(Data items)
□ □ □

Lemma pminorU N A B : [disjoint A & B] -> {in A & B, forall a b, N a b = 0} ->
  pminor N (A :|: B) = pminor N A * pminor N B.
Proof.
move=> dAB NAB.
pose f i := match split i with
  | inl j => @enum_val T (mem A) j | inr j => @enum_val T (mem B) j end.
have f_inj : injective f.
  move=> i j; rewrite -(splitK i) -(splitK j) /f !unsplitK.
  case: (split i) => i'; case: (split j) => j' E.
  - by rewrite (enum_val_inj E).
  - by have := disjointFr dAB (enum_valP i'); rewrite E enum_valP.
  - by have := disjointFr dAB (enum_valP j'); rewrite -E enum_valP.
  - by rewrite (enum_val_inj E).
have ABf : A :|: B =i codom f.
  move=> t; rewrite inE; apply/orP/codomP => [[tA|tB]|[i ->]].
  - exists (lshift #|B| (enum_rank_in tA t)).
    by rewrite /f (unsplitK (inl _)) enum_rankK_in.
  - exists (rshift #|A| (enum_rank_in tB t)).
    by rewrite /f (unsplitK (inr _)) enum_rankK_in.
  - by rewrite /f; case: (split i) => j; rewrite enum_valP; [left | right].
rewrite -(pminor_codom _ N _ f_inj ABf) /pminor.
rewrite -(det_lblock _ (\matrix_(i, j) N (@enum_val T (mem B) i) (@enum_val T (mem A) j))).
congr (\det _); apply/matrixP => i j; rewrite -(splitK i) -(splitK j) mxE /f !unsplitK.
case: (split i) => i'; case: (split j) => j';
  rewrite ?block_mxEul ?block_mxEur ?block_mxEdl ?block_mxEdr !mxE //.
by rewrite NAB ?enum_valP.
Qed.

Lemma pminor_row0 N S t0 : t0 \in S -> {in S, forall u, N t0 u = 0} -> pminor N S = 0.
Proof.
move=> t0S N0; rewrite /pminor (expand_det_row _ (enum_rank_in t0S t0)) big1 // => j _.
by rewrite mxE enum_rankK_in // N0 ?mul0r ?enum_valP.
Qed.

Lemma pminor2 N a b : a != b -> N a a = 0 -> N b b = 0 ->
  pminor N [set a; b] = - (N a b * N b a).
Proof.
move=> ab Naa Nbb; pose f (i : 'I_2) := if i == ord0 then a else b.
have f_inj : injective f.
  move=> [[|[|?]] ?] [[|[|?]] ?] //=; rewrite /f /= => E; apply/val_inj => //=.
    by move: ab; rewrite E eqxx.
  by move: ab; rewrite E eqxx.
have abf : [set a; b] =i codom f.
  move=> t; rewrite !inE; apply/orP/codomP => [[]/eqP->|[[[|[|?]] ?] ->]] //.
  - by exists ord0.
  - by exists ord_max.
  - by left.
  - by right.
rewrite -(pminor_codom _ N _ f_inj abf) (expand_det_row _ ord0) !big_ord_recl big_ord0.
by rewrite /cofactor !det_mx11 !mxE /f /= Naa Nbb !mul0r add0r addr0 expr1 mulN1r mulrN.
Qed.

Lemma pminor_pairU N S a b : a != b -> a \notin S -> b \notin S ->
  N a a = 0 -> N b b = 0 -> {in S, forall u, N a u = 0 /\ N b u = 0} ->
  pminor N ([set a; b] :|: S) = - (N a b * N b a) * pminor N S.
Proof.
move=> ab aS bS Naa Nbb NabS; rewrite pminorU ?pminor2 //.
  by apply/pred0P => t /=; rewrite !inE; case: orP => // -[]/eqP->; apply/negbTE.
by move=> t u; rewrite !inE => /orP[]/eqP-> /NabS[].
Qed.

Definition mask_row N t0 P : T -> T -> R :=
  fun t u => if (t == t0) && (u \notin P) then 0 else N t u.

□ □ □

→ What is being asked
Output the entries exactly. Leave nothing out.

→ Answer to the exercise
Lemma pminorU N A B : [disjoint A & B] -> {in A & B, forall a b, N a b = 0} ->
  pminor N (A :|: B) = pminor N A * pminor N B.
Proof.
move=> dAB NAB.
pose f i := match split i with
  | inl j => @enum_val T (mem A) j | inr j => @enum_val T (mem B) j end.
have f_inj : injective f.
  move=> i j; rewrite -(splitK i) -(splitK j) /f !unsplitK.
  case: (split i) => i'; case: (split j) => j' E.
  - by rewrite (enum_val_inj E).
  - by have := disjointFr dAB (enum_valP i'); rewrite E enum_valP.
  - by have := disjointFr dAB (enum_valP j'); rewrite -E enum_valP.
  - by rewrite (enum_val_inj E).
have ABf : A :|: B =i codom f.
  move=> t; rewrite inE; apply/orP/codomP => [[tA|tB]|[i ->]].
  - exists (lshift #|B| (enum_rank_in tA t)).
    by rewrite /f (unsplitK (inl _)) enum_rankK_in.
  - exists (rshift #|A| (enum_rank_in tB t)).
    by rewrite /f (unsplitK (inr _)) enum_rankK_in.
  - by rewrite /f; case: (split i) => j; rewrite enum_valP; [left | right].
rewrite -(pminor_codom _ N _ f_inj ABf) /pminor.
rewrite -(det_lblock _ (\matrix_(i, j) N (@enum_val T (mem B) i) (@enum_val T (mem A) j))).
congr (\det _); apply/matrixP => i j; rewrite -(splitK i) -(splitK j) mxE /f !unsplitK.
case: (split i) => i'; case: (split j) => j';
  rewrite ?block_mxEul ?block_mxEur ?block_mxEdl ?block_mxEdr !mxE //.
by rewrite NAB ?enum_valP.
Qed.

Lemma pminor_row0 N S t0 : t0 \in S -> {in S, forall u, N t0 u = 0} -> pminor N S = 0.
Proof.
move=> t0S N0; rewrite /pminor (expand_det_row _ (enum_rank_in t0S t0)) big1 // => j _.
by rewrite mxE enum_rankK_in // N0 ?mul0r ?enum_valP.
Qed.

Lemma pminor2 N a b : a != b -> N a a = 0 -> N b b = 0 ->
  pminor N [set a; b] = - (N a b * N b a).
Proof.
move=> ab Naa Nbb; pose f (i : 'I_2) := if i == ord0 then a else b.
have f_inj : injective f.
  move=> [[|[|?]] ?] [[|[|?]] ?] //=; rewrite /f /= => E; apply/val_inj => //=.
    by move: ab; rewrite E eqxx.
  by move: ab; rewrite E eqxx.
have abf : [set a; b] =i codom f.
  move=> t; rewrite !inE; apply/orP/codomP => [[]/eqP->|[[[|[|?]] ?] ->]] //.
  - by exists ord0.
  - by exists ord_max.
  - by left.
  - by right.
rewrite -(pminor_codom _ N _ f_inj abf) (expand_det_row _ ord0) !big_ord_recl big_ord0.
by rewrite /cofactor !det_mx11 !mxE /f /= Naa Nbb !mul0r add0r addr0 expr1 mulN1r mulrN.
Qed.

Lemma pminor_pairU N S a b : a != b -> a \notin S -> b \notin S ->
  N a a = 0 -> N b b = 0 -> {in S, forall u, N a u = 0 /\ N b u = 0} ->
  pminor N ([set a; b] :|: S) = - (N a b * N b a) * pminor N S.
Proof.
move=> ab aS bS Naa Nbb NabS; rewrite pminorU ?pminor2 //.
  by apply/pred0P => t /=; rewrite !inE; case: orP => // -[]/eqP->; apply/negbTE.
by move=> t u; rewrite !inE => /orP[]/eqP-> /NabS[].
Qed.

Definition mask_row N t0 P : T -> T -> R :=
  fun t u => if (t == t0) && (u \notin P) then 0 else N t u.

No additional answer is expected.